With degree days, you get a better picture of the total weather pattern during the season, rather than an arbitrary calendar date. While there are very extensive methods of calculating degree days, a simple estimate can work for home gardeners. Calculating degree days requires a starting point (say, Jan. 1) and a base temperature (typically 50 degrees in the Midwest). Every day, average the high and low temperature and subtract 50. Any positive result gets added to the accumulated growing degree days.
Mathphobics also can go to the arboretum's website at www.mortonarb.org and refer to the Plant Health Care report which keeps a running trend of degree days.
To predict insect emergence, heat is the best indicator. "Water isn't nearly as important as heat for bugs," Danielson said.
Thus, while a season may be exceptionally rainy or dry, insects will emerge closer to schedule than when temperature changes are extreme.
According to the Plant Health Care report, through June 19, we were at 649 growing degree days. This is nine days less than the historical average (1937-2007) and 16 days behind last year.
The colder than usual weather is responsible for late blooms on such plants as roses and peonies, as well as prolonged blooms on early spring flowers like trillium and Virginia bluebells.
Phenology includes "indicator plants" whose bloom is associated with the appearance of certain insects. While there may be no direct causative relationship among these plants and the insects they presage, years of observation has shown that the timing of bloom coincides with the emergence of particular insects. Don Orton, author of Coincide, in fact lists hundreds of insects associated with particular indicatorm plants.
Blooms on Japanese tree lilac, for example, are associated with the emergence of bagworms and euonymus scale. Plan on seeing Japanese beetles when elderberry blossoms. Watch for leaf crumple's and locust borers when Canada goldenrod is in early bloom.
What to do with all this phenological information? Orton's book suggests that, armed with preknowledge of insect invasions, a homeowner can devise an integrated pest management strategy.
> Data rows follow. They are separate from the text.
Lemma atan_tends_PI2 eps : 0 < eps -> exists A, forall x, A <= x -> Rabs (atan x - PI/2) < eps.
Proof.
  intros He. exists (2/eps). intros x Hx.
  assert (0 < x) by (apply Rlt_le_trans with (2/eps); auto; apply Rdiv_lt_0_compat; lra).
  assert (0 < /x) by now apply Rinv_0_lt_compat.
  assert (Ea : atan x = PI/2 - atan (/x)) by (rewrite atan_inv by auto; ring).
  rewrite Ea.
  assert (atan (/x) <= /x) by (apply atan_le_id; lra).
  assert (0 < atan (/x)) by (rewrite <- atan_0; now apply atan_increasing).
  assert (/x <= eps/2).
  { replace (eps/2) with (/(2/eps)) by (field; lra).
    apply Rinv_le_contravar; auto. apply Rdiv_lt_0_compat; lra. }
  apply Rabs_def1; lra.
Qed.

Lemma atan_opp_tends_PI2 eps : 0 < eps ->
  exists A, forall x, A <= x -> Rabs (atan (-x) - -(PI/2)) < eps.
Proof.
  intros He. destruct (atan_tends_PI2 eps He) as [A H]. exists A. intros x Hx.
  rewrite atan_opp. replace (- atan x - - (PI/2)) with (-(atan x - PI/2)) by ring.
  rewrite Rabs_Ropp. auto.
Qed.

Lemma is_derive_atan_sqr x : is_derive atan x (/(1 + x * x)).
Proof.
  apply is_derive_Reals. replace (x * x) with (x ^ 2) by ring. apply derivable_pt_lim_atan.
Qed.

Lemma continuous_lorentz x : continuous (fun t => /(1 + t * t)) x.
Proof. apply (ex_derive_continuous (fun t => /(1 + t * t))). auto_derive. nra. Qed.

Lemma is_RInt_improper_lorentz : is_RInt_improper (fun t => /(1 + t * t)) PI.
Proof.
  replace PI with (PI/2 - -(PI/2)) by field.
  apply (is_RInt_improper_derive atan).
  - apply is_derive_atan_sqr.
  - apply continuous_lorentz.
  - apply atan_tends_PI2.
  - apply atan_opp_tends_PI2.
Qed.

Lemma RInt_lorentz a b : RInt (fun t => /(1 + t * t)) a b = atan b - atan a.
Proof.
  apply is_RInt_unique, (is_RInt_derive atan).
  - intros; apply is_derive_atan_sqr.
  - intros; apply continuous_lorentz.
Qed.
(* Let $n,m\ge 3$ and let $G=P_n\square P_m$ be the grid graph. Every $3$-minimal of $G$ contains at least two vertices on the same line.
   Context: The grid graph $P_n\square P_m$ has vertex set $\{(i,j):0\le i\le n-1,\ 0\le j\le m-1\}$, with $(i,j)$ adjacent to $(k,l)$ iff $|i-k|+|j-l|=1$; distance $d((i,j),(k,l))=|i-k|+|j-l|$. A vertex $w$ resolves $u,v$ if $d(w,u)\ne d(w,v)$; a set $R$ is resolving if every pair of distinct vertices is resolved by some vertex of $R$; a $3$-minimal is a resolving set $R$ of cardinality $3$ such that no $R\setminus\{x\}$, $x\in R$, is resolving. Two vertices are on the same line if they share their first coordinate or share their second coordinate. *)

From mathcomp Require Import all_boot.
Set Implicit Arguments. Unset Strict Implicit. Unset Printing Implicit Defensive.

Definition gvert (n m : nat) := ('I_n * 'I_m)%type.

Definition absdiff (a b : nat) : nat := (a - b) + (b - a).

(* Grid (Manhattan) distance: d((i,j),(k,l)) = |i-k| + |j-l|. *)
Definition gdist (n m : nat) (u v : gvert n m) : nat :=
  absdiff u.1 v.1 + absdiff u.2 v.2.

Definition resolves (n m : nat) (w u v : gvert n m) : bool :=
  gdist w u != gdist w v.

Definition resolving (n m : nat) (R : {set gvert n m}) : Prop :=
  forall u v : gvert n m, u <> v -> exists2 w, w \in R & resolves w u v.

Definition three_minimal (n m : nat) (R : {set gvert n m}) : Prop :=
  [/\ #|R| = 3, resolving R & forall x, x \in R -> ~ resolving (R :\ x)].

Definition same_line (n m : nat) (u v : gvert n m) : bool :=
  (u.1 == v.1) || (u.2 == v.2).

From mathcomp Require Import all_boot zify.

Set Implicit Arguments.
Unset Strict Implicit.
Unset Printing Implicit Defensive.

(* If no two of them share a line, one of them is a corner of the triangle they
   span: strictly left or right of the other two and strictly above or below them.
   Separating that corner from the other two by a vertical and a horizontal cut
   through a unit square puts all three vertices in the same pair of opposite
   quadrants of the square; they are then equidistant from the two corners of the
   square on the other diagonal, so that pair is not resolved. *)

Definition extreme (x y z : nat) : bool := (x < y) && (x < z) || (y < x) && (z < x).

Definition corner (n m : nat) (a b c : gvert n m) : bool :=
  extreme a.1 b.1 c.1 && extreme a.2 b.2 c.2.

Lemma absdiff_same_quadrants p q x y : (x <= p) == (y <= q) ->
  absdiff x p + absdiff y q.+1 = absdiff x p.+1 + absdiff y q.
Proof. rewrite /absdiff; lia. Qed.

Lemma absdiff_opposite_quadrants p q x y : (x <= p) != (y <= q) ->
  absdiff x p + absdiff y q = absdiff x p.+1 + absdiff y q.+1.
Proof. rewrite /absdiff; lia. Qed.

Lemma extreme_cut k x y z : x < k -> y < k -> z < k -> extreme x y z ->
  exists2 p, p.+1 < k & (y <= p) = ~~ (x <= p) /\ (z <= p) = ~~ (x <= p).
Proof. by move=> xk yk zk /orP[] ext; [exists x | exists x.-1]; move: ext; lia. Qed.

Lemma not_resolving_equidistant n m (R : {set gvert n m}) (u v : gvert n m) :
  u <> v -> {in R, forall w, gdist w u = gdist w v} -> ~ resolving R.
Proof. by move=> uv Ruv /(_ u v uv) [w /Ruv uvw]; rewrite /resolves uvw eqxx. Qed.

Lemma not_resolving_quadrants n m (R : {set gvert n m}) p q (b : bool) :
  p.+1 < n -> q.+1 < m ->
  {in R, forall w : gvert n m, ((w.1 <= p) == (w.2 <= q)) = b} -> ~ resolving R.
Proof.
move=> pn qm Rb; have [pn' qm'] := (ltnW pn, ltnW qm).
case: b Rb => Rb.
- apply: (@not_resolving_equidistant _ _ _
            (Ordinal pn', Ordinal qm) (Ordinal pn, Ordinal qm')); first by case; lia.
  by move=> w /Rb wq; rewrite /gdist /= absdiff_same_quadrants ?wq.
- apply: (@not_resolving_equidistant _ _ _
            (Ordinal pn', Ordinal qm') (Ordinal pn, Ordinal qm)); first by case; lia.
  by move=> w /Rb wq; rewrite /gdist /= absdiff_opposite_quadrants ?wq.
Qed.

Lemma corner_not_resolving n m (a b c : gvert n m) :
  corner a b c -> ~ resolving [set a; b; c].
Proof.
case/andP=> ext1 ext2.
have [p pn [b1 c1]] := extreme_cut (ltn_ord a.1) (ltn_ord b.1) (ltn_ord c.1) ext1.
have [q qm [b2 c2]] := extreme_cut (ltn_ord a.2) (ltn_ord b.2) (ltn_ord c.2) ext2.
apply: (not_resolving_quadrants pn qm (b := (a.1 <= p) == (a.2 <= q))).
move=> w; rewrite !inE => /orP[/orP[]|] /eqP->;
  by rewrite ?b1 ?b2 ?c1 ?c2; case: (a.1 <= p); case: (a.2 <= q).
Qed.

Lemma some_corner n m (a b c : gvert n m) :
  ~~ same_line a b -> ~~ same_line a c -> ~~ same_line b c ->
  [|| corner a b c, corner b a c | corner c a b].
Proof.
(* Each coordinate has exactly one middle vertex, so some vertex is extreme in both. *)
by rewrite /same_line /corner /extreme -!val_eqE /=; lia.
Qed.

Lemma cards3_triple (T : finType) (A : {set T}) : #|A| = 3 ->
  exists a b c, [/\ A = [set a; b; c], a != b, a != c & b != c].
Proof.
move=> A3; have /card_gt0P [a aA] : 0 < #|A| by rewrite A3.
have /cards2P [b [c [bc Abc]]] : #|A :\ a| == 2.
  by move: (cardsD1 a A); rewrite aA A3 add1n => -[->].
have /setD1P [ba _] : b \in A :\ a by rewrite Abc !inE eqxx.
have /setD1P [ca _] : c \in A :\ a by rewrite Abc !inE eqxx orbT.
by exists a, b, c; rewrite -setUA -Abc setD1K // ![a == _]eq_sym.
Qed.

Lemma resolving_card3_same_line n m (R : {set gvert n m}) :
  #|R| = 3 -> resolving R ->
  exists u v, [/\ u \in R, v \in R, u != v & same_line u v].
Proof.
case/cards3_triple=> [a [b [c [-> ab ac bc]]]] res.
case: (boolP (same_line a b)) => [? | nab]; first by exists a, b; split; rewrite // !inE eqxx ?orbT.
case: (boolP (same_line a c)) => [? | nac]; first by exists a, c; split; rewrite // !inE eqxx ?orbT.
case: (boolP (same_line b c)) => [? | nbc]; first by exists b, c; split; rewrite // !inE eqxx ?orbT.
exfalso; case/or3P: (some_corner nab nac nbc) => /corner_not_resolving; apply.
- exact: res.
- by rewrite [[set b] :|: _]setUC.
- by rewrite -setUA setUC.
Qed.

Theorem lemma3 (n m : nat) (hn : 3 <= n) (hm : 3 <= m) (R : {set gvert n m}) :
  three_minimal R ->
  exists u v, [/\ u \in R, v \in R, u != v & same_line u v].
Proof. by case=> R3 res _; apply: resolving_card3_same_line. Qed.
(* For $M,N\in\Lambda$ and $A\in\mathcal A$, if $A\sqsubseteq M$ and $M\to_{\mathsf v}N$ then $A\sqsubseteq N$.
   Context: $\lambda$-terms and values are $M,N::=V\mid MN$, $V::=x\mid\lambda x.M$, up to $\alpha$-conversion. Rules: $(\beta_v)$ $(\lambda x.M)V\to M\{x:=V\}$ if $V$ is a value; $(\sigma_1)$ $(\lambda x.M)NP\to(\lambda x.MP)N$ if $x\notin\mathrm{FV}(P)$; $(\sigma_3)$ $V((\lambda x.M)N)\to(\lambda x.VM)N$ if $V$ is a value and $x\notin\mathrm{FV}(V)$. $\to_{\mathsf v}$ is the contextual closure of their union. $\Lambda_\bot$ is the set of $\lambda$-terms possibly containing a constant $\bot$; $\sqsubseteq$ is the smallest context-closed preorder on $\Lambda_\bot$ with $\bot\sqsubseteq x$ and $\bot\sqsubseteq\lambda x.M$ for all variables $x$ and $M\in\Lambda_\bot$. Approximants $\mathcal A$ ($k\ge0$): $A::=B\mid C$; $B::=x\mid\lambda x.A\mid\bot\mid xBA_1\cdots A_k$; $C::=(\lambda x.A)(yBA_1\cdots A_k)$. *)

(* Lambda-terms with an optional constant Bot, in de Bruijn
   notation (so terms are identified up to alpha-conversion). *)
From Stdlib Require Import Arith.

Inductive term : Type :=
| Var : nat -> term
| Lam : term -> term
| App : term -> term -> term
| Bot : term.

(* Lambda (terms without Bot) *)
Fixpoint no_bot (t : term) : Prop :=
  match t with
  | Var _ => True
  | Lam t => no_bot t
  | App t u => no_bot t /\ no_bot u
  | Bot => False
  end.

Definition is_value (t : term) : Prop :=
  match t with
  | Var _ | Lam _ => True
  | _ => False
  end.

Fixpoint lift (k c : nat) (t : term) : term :=
  match t with
  | Var n => if n <? c then Var n else Var (n + k)
  | Lam t => Lam (lift k (S c) t)
  | App t u => App (lift k c t) (lift k c u)
  | Bot => Bot
  end.

Fixpoint subst_at (k : nat) (s : term) (t : term) : term :=
  match t with
  | Var n => if n <? k then Var n
             else if n =? k then lift k 0 s
             else Var (n - 1)
  | Lam t => Lam (subst_at (S k) s t)
  | App t u => App (subst_at k s t) (subst_at k s u)
  | Bot => Bot
  end.

(* M{x:=V} where x is the binder of Lam M *)
Definition subst0 (M V : term) : term := subst_at 0 V M.

(* One-step v-reduction: contextual closure of beta_v, sigma_1, sigma_3.
   Side conditions x \notin FV(P) / FV(V) are automatic with lifting. *)
Inductive red_v : term -> term -> Prop :=
| r_beta_v : forall M V, is_value V -> red_v (App (Lam M) V) (subst0 M V)
| r_sigma1 : forall M N P,
    red_v (App (App (Lam M) N) P) (App (Lam (App M (lift 1 0 P))) N)
| r_sigma3 : forall V M N, is_value V ->
    red_v (App V (App (Lam M) N)) (App (Lam (App (lift 1 0 V) M)) N)
| r_lam : forall M M', red_v M M' -> red_v (Lam M) (Lam M')
| r_appl : forall M M' N, red_v M M' -> red_v (App M N) (App M' N)
| r_appr : forall M N N', red_v N N' -> red_v (App M N) (App M N').

Inductive approx_le : term -> term -> Prop :=
| le_refl : forall M, approx_le M M
| le_trans : forall M N P, approx_le M N -> approx_le N P -> approx_le M P
| le_bot_var : forall x, approx_le Bot (Var x)
| le_bot_lam : forall M, approx_le Bot (Lam M)
| le_lam : forall M N, approx_le M N -> approx_le (Lam M) (Lam N)
| le_appl : forall M M' N, approx_le M M' -> approx_le (App M N) (App M' N)
| le_appr : forall M N N', approx_le N N' -> approx_le (App M N) (App M N').

(* Approximants:
   A ::= B | C
   B ::= x | \x.A | Bot | x B A1 ... Ak
   C ::= (\x.A)(y B A1 ... Ak)
   is_hd t  means  t = x B A1 ... Ak  (k >= 0). *)
Inductive is_A : term -> Prop :=
| A_B : forall t, is_B t -> is_A t
| A_C : forall t, is_C t -> is_A t
with is_B : term -> Prop :=
| B_var : forall x, is_B (Var x)
| B_lam : forall a, is_A a -> is_B (Lam a)
| B_bot : is_B Bot
| B_hd : forall t, is_hd t -> is_B t
with is_hd : term -> Prop :=
| hd_base : forall x b, is_B b -> is_hd (App (Var x) b)
| hd_app : forall t a, is_hd t -> is_A a -> is_hd (App t a)
with is_C : term -> Prop :=
| C_intro : forall a t, is_A a -> is_hd t -> is_C (App (Lam a) t).

(* The order [approx_le] is structural: [A ⊑ M] iff [M] arises from [A] by
   replacing some occurrences of [Bot] by variables or abstractions.  A head
   application [x B A1 ... Ak] of an approximant can only lie below an
   application whose head is a variable, hence never below a value nor below
   an application [(λx.M) N]; so no part of an approximant lies below a
   [beta_v]-, [sigma_1]- or [sigma_3]-redex.  Since the immediate subterms of
   approximants are approximants, a reduction inside [M] takes place either
   below a [Bot] of [A], where it is invisible, or inside a subterm approximated
   by a smaller approximant. *)

Inductive approx_struct : term -> term -> Prop :=
| approx_struct_bot_bot : approx_struct Bot Bot
| approx_struct_bot_var x : approx_struct Bot (Var x)
| approx_struct_bot_lam M : approx_struct Bot (Lam M)
| approx_struct_var x : approx_struct (Var x) (Var x)
| approx_struct_lam M N : approx_struct M N -> approx_struct (Lam M) (Lam N)
| approx_struct_app M M' N N' : approx_struct M M' -> approx_struct N N' ->
    approx_struct (App M N) (App M' N').

Lemma approx_struct_refl t : approx_struct t t.
Proof.
  induction t; constructor; eauto.
Qed.

Lemma approx_struct_trans t u w :
  approx_struct t u -> approx_struct u w -> approx_struct t w.
Proof.
  intros Htu; revert w.
  induction Htu; intros w Huw; inversion Huw; subst; constructor; eauto.
Qed.

Lemma approx_le_struct t u : approx_le t u -> approx_struct t u.
Proof.
  induction 1; try constructor; eauto using approx_struct_refl, approx_struct_trans.
Qed.

Lemma approx_struct_le t u : approx_struct t u -> approx_le t u.
Proof.
  induction 1 as [| | | | |M M' N N' _ IHM _ IHN]; try constructor; auto.
  apply le_trans with (App M' N); constructor; auto.
Qed.

Lemma is_A_app_inv t u : is_A (App t u) ->
  (exists x, t = Var x /\ is_B u) \/ (is_hd t /\ is_A u)
  \/ (exists a, t = Lam a /\ is_A a /\ is_hd u).
Proof.
  intros HA; inversion HA as [? HB|? HC]; subst.
  - inversion HB as [| | |? Hhd]; subst.
    inversion Hhd; subst; eauto.
  - inversion HC; subst; eauto 10.
Qed.

Lemma is_A_app t u : is_A (App t u) -> is_A t /\ is_A u.
Proof.
  intros HA; apply is_A_app_inv in HA as [[x [-> Hu]]|[[Ht Hu]|[a [-> [Ha Hu]]]]];
    split; auto using A_B, B_var, B_lam, B_hd.
Qed.

Lemma is_A_lam a : is_A (Lam a) -> is_A a.
Proof.
  intros HA; inversion HA as [? HB|? HC]; subst.
  - inversion HB as [| | |? Hhd]; subst; auto; inversion Hhd.
  - inversion HC.
Qed.

Lemma hd_not_approx_value t V : is_hd t -> approx_struct t V -> ~ is_value V.
Proof.
  intros Hhd HtV; destruct Hhd; inversion HtV; subst; simpl; tauto.
Qed.

Lemma hd_not_approx_lam_app t M N : is_hd t -> ~ approx_struct t (App (Lam M) N).
Proof.
  intros Hhd Ht; destruct Hhd as [x b _|t' a Ht' _];
    inversion Ht as [| | | | |? ? ? ? Hhead _]; subst.
  - inversion Hhead.
  - exact (hd_not_approx_value _ _ Ht' Hhead I).
Qed.

Lemma B_not_approx_lam_app b M N : is_B b -> ~ approx_struct b (App (Lam M) N).
Proof.
  intros HB Hb; destruct HB as [| | |? Hhd]; try solve [inversion Hb].
  exact (hd_not_approx_lam_app _ _ _ Hhd Hb).
Qed.

Lemma approximant_not_approx_beta_v_redex A M V : is_A A -> is_value V ->
  ~ approx_struct A (App (Lam M) V).
Proof.
  intros HA HV HAM; inversion HAM as [| | | | |t ? u ? Ht Hu]; subst.
  apply is_A_app_inv in HA as [[x [-> _]]|[[Hhd _]|[a [-> [_ Hhd]]]]].
  - inversion Ht.
  - destruct Hhd; inversion Ht.
  - exact (hd_not_approx_value _ _ Hhd Hu HV).
Qed.

Lemma approximant_not_approx_sigma1_redex A M N P : is_A A ->
  ~ approx_struct A (App (App (Lam M) N) P).
Proof.
  intros HA HAM; inversion HAM as [| | | | |t ? u ? Ht _]; subst.
  apply is_A_app_inv in HA as [[x [-> _]]|[[Hhd _]|[a [-> _]]]].
  - inversion Ht.
  - exact (hd_not_approx_lam_app _ _ _ Hhd Ht).
  - inversion Ht.
Qed.

Lemma approximant_not_approx_sigma3_redex A V M N : is_A A -> is_value V ->
  ~ approx_struct A (App V (App (Lam M) N)).
Proof.
  intros HA HV HAM; inversion HAM as [| | | | |t ? u ? Ht Hu]; subst.
  apply is_A_app_inv in HA as [[x [-> HB]]|[[Hhd _]|[a [-> [_ Hhd]]]]].
  - exact (B_not_approx_lam_app _ _ _ HB Hu).
  - exact (hd_not_approx_value _ _ Hhd Ht HV).
  - exact (hd_not_approx_lam_app _ _ _ Hhd Hu).
Qed.

Lemma approximant_approx_red_v M N : red_v M N ->
  forall A, is_A A -> approx_struct A M -> approx_struct A N.
Proof.
  induction 1 as [M V HV|M N P|V M N HV|M M' _ IH|M M' N _ IH|M N N' _ IH];
    intros A HA HAM.
  - exfalso; exact (approximant_not_approx_beta_v_redex _ _ _ HA HV HAM).
  - exfalso; exact (approximant_not_approx_sigma1_redex _ _ _ _ HA HAM).
  - exfalso; exact (approximant_not_approx_sigma3_redex _ _ _ _ HA HV HAM).
  - inversion HAM; subst; constructor; auto using is_A_lam.
  - inversion HAM; subst; apply is_A_app in HA as [HA _]; constructor; auto.
  - inversion HAM; subst; apply is_A_app in HA as [_ HA]; constructor; auto.
Qed.

Theorem lemma2p5 (M N A : term) :
  no_bot M -> no_bot N -> is_A A ->
  approx_le A M -> red_v M N -> approx_le A N.
Proof.
  intros _ _ HA HAM HMN.
  apply approx_struct_le, (approximant_approx_red_v M N HMN A HA),
    approx_le_struct, HAM.
Qed.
The timing of some pest control methods depends upon the insect's stage of development.
Or, if you're like Donna Danielson, you can enjoy the experience of observing nature such as the hatching of European pine sawflies. "It was really cool," she asserts. "The eggs are like little gold dots."
She pauses and adds, "Maybe you have to be a bug person." Bug people like Donna will enjoy the Big Bugs exhibit at the Arboretum through July 20.